*Records for this task:*
···

Lemma le_A1_norm_r_D f : A1_finite D f -> 0 <= r_D D F ->
  F f <= A1_norm D f * r_D D F.
Proof.
move=> hfin r0; have le_Mr M : A1_set D f M -> F f <= M * r_D D F.
  move=> [M0 /le_r_D_A1]; rewrite linearZ /= => h.
  by rewrite mulrC -ler_pdivrMr // mulrC.
have [r_eq0|r_neq0] := eqVneq (r_D D F) 0.
  by case: hfin => M /le_Mr; rewrite r_eq0 !mulr0.
have rp : 0 < r_D D F by rewrite lt_def r_neq0 r0.
rewrite -ler_pdivrMr //; apply: lb_le_inf => // M /le_Mr.
by rewrite ler_pdivrMr.
Qed.

Hypothesis D_sym : forall g, D g -> D (- g).

Lemma norm_le_r_D g : D g -> `|F g| <= r_D D F.
Proof.
move=> Dg; have := le_r_D (D_sym Dg); rewrite linearN /= => h.
by rewrite ler_norml le_r_D // andbT lerNl.
Qed.

Lemma r_D_ge0 g : D g -> 0 <= r_D D F.
Proof. by move=> Dg; exact: le_trans (normr_ge0 _) (norm_le_r_D Dg). Qed.

End NormingFunctionals.

Lemma norm_le_A1_norm {R : realType} {X : normedModType R} (D : set X)
    (F : {linear X -> R^o}) f g :
  (forall g, D g -> `|g| = 1) -> (forall g, D g -> D (- g)) ->
  norming F f -> D g -> A1_finite D f -> `|f| <= A1_norm D f.
Proof.
move=> D_unit D_sym [F_contr <-] Dg f_fin.
have r0 := r_D_ge0 D_unit F_contr D_sym Dg.
apply: le_trans (le_A1_norm_r_D D_unit F_contr f_fin r0) _.
by rewrite ler_piMr ?A1_norm_ge0 ?(r_D_le1 D_unit F_contr Dg).
Qed.

Section Smoothness.
Context {R : realType} {X : normedModType R}.

Lemma le_mod_smooth (x y : X) u : `|x| = 1 -> `|y| = 1 -> 0 <= u ->
  (`|x + u *: y| + `|x - u *: y|) / 2 - 1 <= @mod_smooth R X u.
Proof.
move=> x1 y1 u0; apply: ub_le_sup; last by exists x, y.
exists u => _ [x' [y' [x'1 [y'1 ->]]]].
have nD : `|x' + u *: y'| <= 1 + u.
  by rewrite -x'1 (le_trans (ler_normD _ _)) // normrZ y'1 mulr1 ger0_norm.
have nB : `|x' - u *: y'| <= 1 + u.
  by rewrite -x'1 (le_trans (ler_normB _ _)) // normrZ y'1 mulr1 ger0_norm.
lra.
Qed.

(* Use the modulus at x = f/|f|, y = phi, u = c/|f|, and bound |x + u phi|
   from below by F. *)
Lemma norm_sub_le_mod_smooth (mu : R -> R) (F : {linear X -> R^o}) (f phi : X) c :
  (forall u, 0 <= u -> @mod_smooth R X u <= mu u) ->
  norming F f -> f != 0 -> `|phi| = 1 -> 0 < c ->
  `|f - c *: phi| <= `|f| - c * F phi + 2 * `|f| * mu (c / `|f|).
Proof.
move=> smooth_mu [F_contr Ff] f_neq0 phi1 c0.
set a := `|f|; have a0 : 0 < a by rewrite normr_gt0.
set x := a^-1 *: f; set u := c / a.
have u0 : 0 <= u by rewrite divr_ge0 // ltW.
have x1 : `|x| = 1 by rewrite normrZ gtr0_norm ?invr_gt0 // mulVf // gt_eqF.
have rho_le := le_trans (le_mod_smooth x1 phi1 u0) (smooth_mu u u0).
have F_le : 1 + u * F phi <= `|x + u *: phi|.
  apply: le_trans (contractive_le _ F_contr).
  rewrite linearD !linearZ /= Ff -/a.
  by rewrite [_ *: a]mulVf ?gt_eqF.
have c_eq : c = a * u by rewrite /u mulrCA mulfV ?gt_eqF // mulr1.
have -> : f - c *: phi = a *: (x - u *: phi).
  by rewrite scalerBr scalerA mulfV ?gt_eqF // scale1r scalerA -c_eq.
rewrite normrZ gtr0_norm // c_eq -mulrA.
suff : `|x - u *: phi| <= 1 - u * F phi + 2 * mu u.
  by move=> h; have := ler_wpM2l (ltW a0) h; lra.
lra.
Qed.
Lemma scal_part (c_unimodular : unimodular c) :
  [/\ scal c Gam = - L ^+ 2, scal c Gam <= 0,
      (scal c Gam = 0 <-> (forall i j, Ric1 c Gam i j = 0))
    & ((forall i j, Ric1 c Gam i j = 0) <-> lam = 0)].
Proof.
have s_eq : scal c Gam = - L ^+ 2.
  by rewrite scalE trace_curv_struct // (trace_struct_mx c_real c_adm).
have Ric1_scal i j :
    Ric1 c Gam i j = (i == ord0)%:R * (j == ord0)%:R * scal c Gam.
  by rewrite Ric1E scalE.
have Ric1_00 : Ric1 c Gam ord0 ord0 = scal c Gam by rewrite Ric1_scal eqxx !mul1r.
split=> //; first by rewrite s_eq oppr_le0 sqr_realC_ge0.
  by split=> [s0 i j|Ric0]; [rewrite Ric1_scal s0 mulr0 | rewrite -Ric1_00 Ric0].
split=> [Ric0|lam0 i j].
  by apply: sqr_realC_eq0; apply: oppr_inj; rewrite -s_eq -Ric1_00 Ric0 oppr0.
by rewrite Ric1_scal s_eq lam0 rmorph0 expr0n oppr0 mulr0.
Qed.

Lemma scal_hat_part :
  [/\ scal_hat c Gam = - (2 * L ^+ 2 + \sum_(j < m) `|v 0 j| ^+ 2),
      scal_hat c Gam <= 0,
      (scal_hat c Gam = 0 <-> (forall i j, Ric3 c Gam i j = 0))
    & ((forall i j, Ric3 c Gam i j = 0) <-> lam = 0 /\ v = 0)].
Proof.
have Ric3_vanish : (forall i j, Ric3 c Gam i j = 0) <-> lam = 0 /\ v = 0.
  split=> [Ric0|[lam0 v0] i j].
    by apply/curv_mx00_eq0; rewrite -(Ric0 ord0 ord0) Ric3E eqxx mul1r.
  by rewrite Ric3E curv_mx_col0 // mulr0.
have sum_ge0 : 0 <= \sum_(j < m) `|v 0 j| ^+ 2.
  by apply: sumr_ge0 => j _; rewrite exprn_ge0.
rewrite scal_hatE curv_mx00; split=> //.
  rewrite oppr_le0 addr_ge0 //.
  exact: mulr_ge0 (ler0n _ 2) (sqr_realC_ge0 lam).
rewrite -(curv_mx00 lam v A).
by split=> [/curv_mx00_eq0/Ric3_vanish|/Ric3_vanish/curv_mx00_eq0].
Qed.

Lemma curv_part :
  ((forall i j, Ric2 c Gam i j = 0) <-> (forall x y z, curv c Gam x y z = 0)) /\
  ((forall x y z, curv c Gam x y z = 0) <->
     [/\ lam = 0, v = 0 & A *m adjmx A - adjmx A *m A = 0]).
Proof.
have Ric2_vanish : (forall i j, Ric2 c Gam i j = 0) <-> K = 0.
  split=> [Ric0|K0 i j]; last by rewrite Ric2E K0 mxE.
  by apply/matrixP => i j; rewrite -Ric2E Ric0 mxE.
have curv_vanish : (forall x y z, curv c Gam x y z = 0) <-> K = 0.
  split=> [curv0|K0 x y z].
    apply/Ric2_vanish => i j; rewrite /Ric2 big1 // => r _.
    by rewrite /Rc curv0 gC0l.
  by rewrite curvE chern_curv_mx_block K0 trmx0 oppr0 block_mx0 mulmx0 scaler0.
split; split.
- by move/Ric2_vanish/curv_vanish.
- by move/curv_vanish/Ric2_vanish.
- by move/curv_vanish/curv_mx_eq0.
- by move/curv_mx_eq0/curv_vanish.
Qed.

End ChernCurvature.

Theorem lemma7 (R : realType) (m : nat)
    (c : 'I_(m.+1 + m.+1) -> 'I_(m.+1 + m.+1) -> 'rV[R[i]]_(m.+1 + m.+1))
    (lam : R) (v : 'rV[R[i]]_m) (A : 'M[R[i]]_m)
    (Gam : 'I_(m.+1 + m.+1) -> 'I_(m.+1 + m.+1) -> 'rV[R[i]]_(m.+1 + m.+1)) :
  is_real_Lie_algebra c -> J_integrable c ->
  unimodular c -> almost_abelian c ->
  admissible c lam v A ->
  is_Chern c Gam ->
  (* (1) *)
  [/\ scal c Gam = - (lam%:C)%C ^+ 2, scal c Gam <= 0,
      (scal c Gam = 0 <-> (forall i j, Ric1 c Gam i j = 0))
    & ((forall i j, Ric1 c Gam i j = 0) <-> lam = 0)] /\
  (* (2) *)
  [/\ scal_hat c Gam = - (2 * (lam%:C)%C ^+ 2 + \sum_(j < m) `|v 0 j| ^+ 2),
      scal_hat c Gam <= 0,
      (scal_hat c Gam = 0 <-> (forall i j, Ric3 c Gam i j = 0))
    & ((forall i j, Ric3 c Gam i j = 0) <-> lam = 0 /\ v = 0)] /\
  (* (3) *)
  ((forall i j, Ric2 c Gam i j = 0) <->
     (forall x y z, curv c Gam x y z = 0)) /\
  ((forall x y z, curv c Gam x y z = 0) <->
     [/\ lam = 0, v = 0 & A *m adjmx A - adjmx A *m A = 0]).
Proof.
move=> c_Lie _ c_unimodular _ c_adm Gam_chern.
have c_real : forall x y, vconj (bil c x y) = bil c (vconj x) (vconj y).
  by case: c_Lie.
split; first exact: (scal_part c_real c_adm Gam_chern c_unimodular).
split; first exact: (scal_hat_part c_real c_adm Gam_chern).
exact: (curv_part c_real c_adm Gam_chern).
Qed.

···

*Exercise aim:*
Scan the entries above for the line containing "Lemma norm_sub_le_mod_smooth (mu", and copy it and all lines after it exactly, down to and including the line containing "have u0 : 0 <= u by rewrite divr_ge0 // ltW.".

*Result of the exercise:*
Lemma norm_sub_le_mod_smooth (mu : R -> R) (F : {linear X -> R^o}) (f phi : X) c :
  (forall u, 0 <= u -> @mod_smooth R X u <= mu u) ->
  norming F f -> f != 0 -> `|phi| = 1 -> 0 < c ->
  `|f - c *: phi| <= `|f| - c * F phi + 2 * `|f| * mu (c / `|f|).
Proof.
move=> smooth_mu [F_contr Ff] f_neq0 phi1 c0.
set a := `|f|; have a0 : 0 < a by rewrite normr_gt0.
set x := a^-1 *: f; set u := c / a.
have u0 : 0 <= u by rewrite divr_ge0 // ltW.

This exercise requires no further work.